As it turns out, I sort of do. Don’t get me wrong; if I can minimize the experience of challenge and adversity, I am all for it. I have no need or desire to sit in any more fear than is absolutely necessary. And yet, I do realize that I am being called to step up and step out in a bigger way than I have until this point. And that will require some bravery.

Bravery to speak truth.
Bravery to share my thoughts.
Bravery to risk discomfort.
Bravery to experience what I may not have experienced up until now.

My intention in choosing to be brave is to shake myself out of my comfort zone and into new possibilities. There is fear that arises even as I think about how that might look -- because I don’t actually have control over what the world throws my way.

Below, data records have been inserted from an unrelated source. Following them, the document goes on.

(* Consider an execution of Algorithm 1 with choose_leader given by Algorithm 2 (Carousel). Let $r'$ be a round after GST such that the parties $(r' \bmod n)$ and $(r'+1 \bmod n)$ are honest, and let $r\le r'$. Suppose $f$ blocks with round numbers in $[r,r')$ and with pairwise different Byzantine authors are committed. Then for any block $B$ with round number $r'$ or $r'+1$ that is immediately committed, there is an honest block with round number in $[r,r'+1]$ on $B$'s implied chain.
   Context: System model: $n$ parties $\Pi=\{p_1,\dots,p_n\}$ (party $(j \bmod n)$ denotes the round-robin party indexed by $j$), at most $f<n/3$ faulty. A party is crashed if it halts prematurely; Byzantine if it deviates from the protocol arbitrarily; honest if neither. Non-Byzantine parties follow the protocol until they (possibly) crash. Communication is eventually synchronous: there is an unknown global stabilization time (GST) after which every message arrives within a known bound $\delta$. Blocks: a block contains transactions, a link to a parent block (implied chain back to genesis), a round number, an author id, and a certificate from which a set of $2f+1$ endorsing parties can be obtained. certified$(B,r)$ is a local predicate saying $B$ has a valid certificate ($2f+1$ endorsements) for round $r$. $B\longrightarrow B'$ means $B$ is on $B'$'s implied chain. An honest (resp. Byzantine) block is one authored by an honest (resp. Byzantine) party. A block is committed if some honest party commits it; a block $B$ with round number $r$ is immediately committed if some honest party commits $B$ in round $r$ (in its handler for new_round$(r)$). LBR abstraction: each party can invoke $LBR(r,\ell)$; non-Byzantine parties endorse a block with round $r$ and author $\ell$ only by calling $LBR(r,\ell)$. Every invocation returns within $\Delta_l>c\delta$ time ($c$ an implementation constant) a block with round number $r'\le r$. Round $r$ has $k$ LBR-synchronized($\ell$) invocations if $k$ honest parties invoke $LBR(r,\ell)$ after GST and their execution intervals share a common intersection of length at least $c\delta$. Guarantees: (Endorsement) if certified$(B,r)$ then $B$'s endorser set has $2f+1$ parties; (Agreement) any two certified blocks returned to honest parties by LBR satisfy $B\longrightarrow B'$ or $B'\longrightarrow B$; (Progress) if round $r$ has $k\ge 2f+1$ LBR-synchronized($\ell$) invocations and $\ell$ is honest, they all return a certified block with round number $r$ authored by $\ell$; (Blocking) if a non-Byzantine $\ell$ never invokes $LBR(r,\ell)$, no $LBR(r,\ell)$ invocation returns a certified block formed in round $r$; (Reputation) if a non-Byzantine $p$ never invokes LBR for round $r$, no certified block with round number $r$ has $p$ among its endorsers. Pacemaker: produces new_round$(r)$ notifications at honest parties for every $r$; if all new_round$(r)$ notifications at non-Byzantine parties occur after GST, the first at $T_f$ and last at $T_l$, then $T_l-T_f\le\delta$ and no non-Byzantine party receives new_round$(r+1)$ before $T_l+\Delta_p$, where $\Delta_p=\Delta_l$. A round $r$ occurs after GST if all new_round$(r)$ notifications at honest parties occur after GST. Algorithm 1 (party $p_i$): initially commit_head $:=$ genesis. Upon new_round$(r)$: leader $:=$ choose_leader$(r,$ commit_head$)$; $B:=LBR(r,\text{leader})$; if commit_head $\longrightarrow B$, commit $B$ (and all not-yet-committed blocks on its implied chain) and set commit_head $:=B$. Algorithm 2 (Carousel), choose_leader$(r,h)$: if the round number of $h$ is not $r-1$, return party $(r \bmod n)$ (round-robin mechanism). Otherwise let active be the endorser set of $h$; walking from $h$ along parent links, add block authors to last_authors while $|\text{last\_authors}|<f$ and the current block is not genesis; return a deterministically chosen element of active $\setminus$ last_authors (reputation mechanism). *)

From HB Require Import structures.
From mathcomp Require Import all_boot.
From Stdlib Require Import Reals.

Set Implicit Arguments.
Unset Strict Implicit.
Unset Printing Implicit Defensive.

Record system (n f : nat) := System {
  fault_bound : 3 * f < n;
  Block : eqType;
  genesis : Block;
  parent : Block -> Block;
  round : Block -> nat;
  author : Block -> 'I_n;
  endorsers : Block -> {set 'I_n};
  (* certified B : B carries a valid certificate for its round round B *)
  certified : Block -> Prop;
  parent_genesis : parent genesis = genesis;
  round_genesis : round genesis = 0;
  (* the implied chain goes back to genesis: parents have smaller rounds *)
  round_parent : forall B, B != genesis -> round (parent B) < round B;
  dchoice : {set 'I_n} -> 'I_n;
  dchoiceP : forall A : {set 'I_n}, A != set0 -> dchoice A \in A;
  delta : R;
  delta_pos : Rlt R0 delta;
  c_impl : R;
  Delta_l : R;
  Delta_l_gt : Rlt (Rmult c_impl delta) Delta_l
}.

Arguments parent {n f} s _ : rename.
Arguments round {n f} s _ : rename.
Arguments author {n f} s _ : rename.
Arguments endorsers {n f} s _ : rename.
Arguments certified {n f} s _ : rename.
Arguments dchoice {n f} s _ : rename.

Section SystemDefs.
Variables (n f : nat) (S : system n f).

Definition on_chain (B B' : Block S) : Prop :=
  exists k : nat, iter k (parent S) B' = B.

Fixpoint walk (fuel : nat) (cur : Block S) (acc : {set 'I_n}) : {set 'I_n} :=
  match fuel with
  | 0 => acc
  | k.+1 =>
      if (#|acc| < f) && (cur != genesis S)
      then walk k (parent S cur) (author S cur |: acc)
      else acc
  end.

(* round strictly decreases along parent links, so (round h).+1 steps
   suffice to reach genesis *)
Definition last_authors (h : Block S) : {set 'I_n} :=
  walk (round S h).+1 h set0.

Lemma n_gt0 : 0 < n.
Proof. have H := fault_bound S. by apply: leq_ltn_trans H. Qed.

Definition rr (j : nat) : 'I_n := Ordinal (ltn_pmod j n_gt0).

Definition choose_leader (r : nat) (h : Block S) : 'I_n :=
  if round S h != r.-1 then rr r
  else dchoice S (endorsers S h :\: last_authors h).

End SystemDefs.
(* Let $\tau\subset\mathbb{Z}^4_{\ge0}$ be a B-facet containing a point $Q$ with exactly one nonzero coordinate such that $\tau\setminus\{Q\}$ has dimension $2$. Then $\tau$ is a $B_1$-facet, or a $B_2$-facet, or a flat border.
   Context: A $k$-simplex is a set of $k+1$ affinely independent points; a $k$-simplex $S\subset\mathbb{Z}^n_{\ge0}$ is a B-simplex if there is an index $i$ with exactly $k$ vertices in $\{x_i=0\}$ and the remaining vertex having $x_i=1$. Dimension of a finite set means dimension of its affine span. A B-facet in $\mathbb{Z}^n_{\ge0}$ is a finite set $\tau\subset\mathbb{Z}^n_{\ge0}$ whose affine span is a hyperplane $\{\langle a,x\rangle=b\}$ with all $a_j>0$, such that every $(n-1)$-simplex with vertices in $\tau$ is a B-simplex. For $\tau\subset\mathbb{Z}^4_{\ge0}$: $\tau$ is a $B_1$-facet if for some $i$ exactly one point has nonzero $x_i$, with $x_i=1$; a $B_2$-facet if for some distinct $i,j$ all $x\in\tau$ have $(x_i,x_j)\in\{(0,0),(1,0),(0,1)\}$; a flat border if there are distinct $i,j$ and $C\in\tau$ with $C_i=C_j=1$ such that $\tau$ contains at least two distinct points with $x_i=x_j=0$ and every point of $\tau$ other than $C$ lies in $\{x_i=0\}\cup\{x_j=0\}$. *)

From HB Require Import structures.
From mathcomp Require Import all_boot all_order all_algebra.
From mathcomp Require Import finmap.
Set Implicit Arguments. Unset Strict Implicit. Unset Printing Implicit Defensive.
Import Order.TTheory GRing.Theory Num.Theory.
Local Open Scope ring_scope.
Local Open Scope fset_scope.

Definition pt (n : nat) := 'rV[nat]_n.

Definition coord n (x : pt n) (i : 'I_n) : nat := x ord0 i.

Definition ptQ n (x : pt n) : 'rV[rat]_n := map_mx (fun k : nat => (k%:R : rat)) x.

Definition in_aff_span n (S : {fset pt n}) (y : 'rV[rat]_n) : Prop :=
  exists c : pt n -> rat,
    (\sum_(x <- S) c x = 1)%R /\ y = (\sum_(x <- S) c x *: ptQ x)%R.

(* Dimension of a (nonempty) finite set = dimension of its affine span
   = rank of the differences x - x0 for a fixed x0 in S. *)
Definition affdim n (S : {fset pt n}) : nat :=
  \rank (\matrix_(k < size (enum_fset S), j < n)
           (ptQ (nth (const_mx 0%N) (enum_fset S) k) ord0 j
            - ptQ (nth (const_mx 0%N) (enum_fset S) 0%N) ord0 j)%R).

Definition is_simplex n (k : nat) (S : {fset pt n}) : Prop :=
  #|` S| = k.+1 /\ affdim S = k.

Definition is_B_simplex n (k : nat) (S : {fset pt n}) : Prop :=
  is_simplex k S /\
  exists i : 'I_n,
    #|` [fset x in S | coord x i == 0%N]| = k /\
    (forall x, x \in S -> coord x i != 0%N -> coord x i = 1%N).

Definition is_B_facet n (tau : {fset pt n}) : Prop :=
  (exists (a : 'rV[rat]_n) (b : rat),
      (forall j, 0 < a ord0 j)%R /\
      (forall y : 'rV[rat]_n,
          in_aff_span tau y <-> (\sum_(j < n) a ord0 j * y ord0 j = b)%R)) /\
  (forall S : {fset pt n}, S `<=` tau -> is_simplex n.-1 S -> is_B_simplex n.-1 S).

Definition is_B1_facet (tau : {fset pt 4}) : Prop :=
  exists i : 'I_4,
    #|` [fset x in tau | coord x i != 0%N]| = 1 /\
    (forall x, x \in tau -> coord x i != 0%N -> coord x i = 1%N).

Definition is_B2_facet (tau : {fset pt 4}) : Prop :=
  exists i j : 'I_4, i != j /\
    (forall x, x \in tau ->
       (coord x i, coord x j) \in [:: (0, 0); (1, 0); (0, 1)]%N).
(* There is an algorithm that, given $x \in \mathbb{R}^z$ and $p =\big( (\min_1, \max_1),\dots, (\min_\ell, \max_\ell)\big) \in (\mathrm{set}(x)^2)^\ell$, runs in $O(z\ell)$ time and returns True if and only if there exists a traversal $T\in\mathcal{T}_{z,\ell}$ such that $p$ is the $\ell$-profile of $(x,T)$.
   Context: For $x=(x_1,\dots,x_z)\in\mathbb{R}^z$, $\mathrm{set}(x)=\{x_i:1\le i\le z\}$. A traversal between sequences of lengths $z$ and $\ell$ is a sequence of index pairs from $(1,1)$ to $(z,\ell)$ where each step increases each index by $0$ or $1$ and at least one index by $1$; $\mathcal{T}_{z,\ell}$ is the set of traversals. For $T\in\mathcal{T}_{z,\ell}$ the traversal sectors are $S_j^{(x,T)}=\{x_i:(i,j)\in T\}$, $j\in[\ell]$, and the $\ell$-profile of $(x,T)$ is $\big((\min S_j^{(x,T)},\max S_j^{(x,T)})\big)_{j=1}^{\ell}$. *)

From Stdlib Require Import Reals List Arith Lia.
Import ListNotations.
Open Scope R_scope.

(** [x : list R] is x in R^z with z = length x; x_i is [nth i x 0]
    (index i in 0..z-1 corresponds to the paper's index i+1). *)

Definition set_of (x : list R) (y : R) : Prop := In y x.

Definition trav_step (a b : nat * nat) : Prop :=
  (fst b = fst a \/ fst b = S (fst a)) /\
  (snd b = snd a \/ snd b = S (snd a)) /\
  (fst b <> fst a \/ snd b <> snd a).

Fixpoint trav_steps (a : nat * nat) (T : list (nat * nat)) : Prop :=
  match T with
  | [] => True
  | b :: T' => trav_step a b /\ trav_steps b T'
  end.

Definition is_traversal (z l : nat) (T : list (nat * nat)) : Prop :=
  (0 < z)%nat /\ (0 < l)%nat /\
  match T with
  | [] => False
  | a :: T' => a = (0%nat, 0%nat) /\ trav_steps a T' /\
               last T a = (Nat.pred z, Nat.pred l)
  end.

Definition sector (x : list R) (T : list (nat * nat)) (j : nat) (y : R) : Prop :=
  exists i, In (i, j) T /\ y = nth i x 0.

What I am being forced to acknowledge is that bravery cannot -- does not -- exist without fear.  So if I truly want to build my bravery muscle, then I have to be willing to stand in a fear space, at least for a bit.

Bravery is something that can be used in all areas of life. Bravery isn’t something to bring out only in the face of physical danger, or emotional angst; and it’s not limited to the realm of heroes. Being brave is a valuable capacity available to all of us, one that can be used to move us forward to whatever it is we truly want for ourselves.

My guess is that there is some aspect of your own life that is calling you to stand bravely. Maybe it’s time for you to take the next step in a relationship. Maybe it’s time to have a difficult conversation with someone. Maybe, there’s a life transition that’s looming. Whatever the situation might be, it’s imperative that you face any fear that’s present, and name it for what it is. Because only then, can you truly find the strength and energy to be brave, and move forward.


Bottom-line: you cannot consider yourself to be brave if you keep avoiding fear. Fear is a necessary precursor to bravery. So, start embracing the fear. Face it square on, with help if you must. Let yourself be open to the possibility of being a brave soul. And notice how things shift.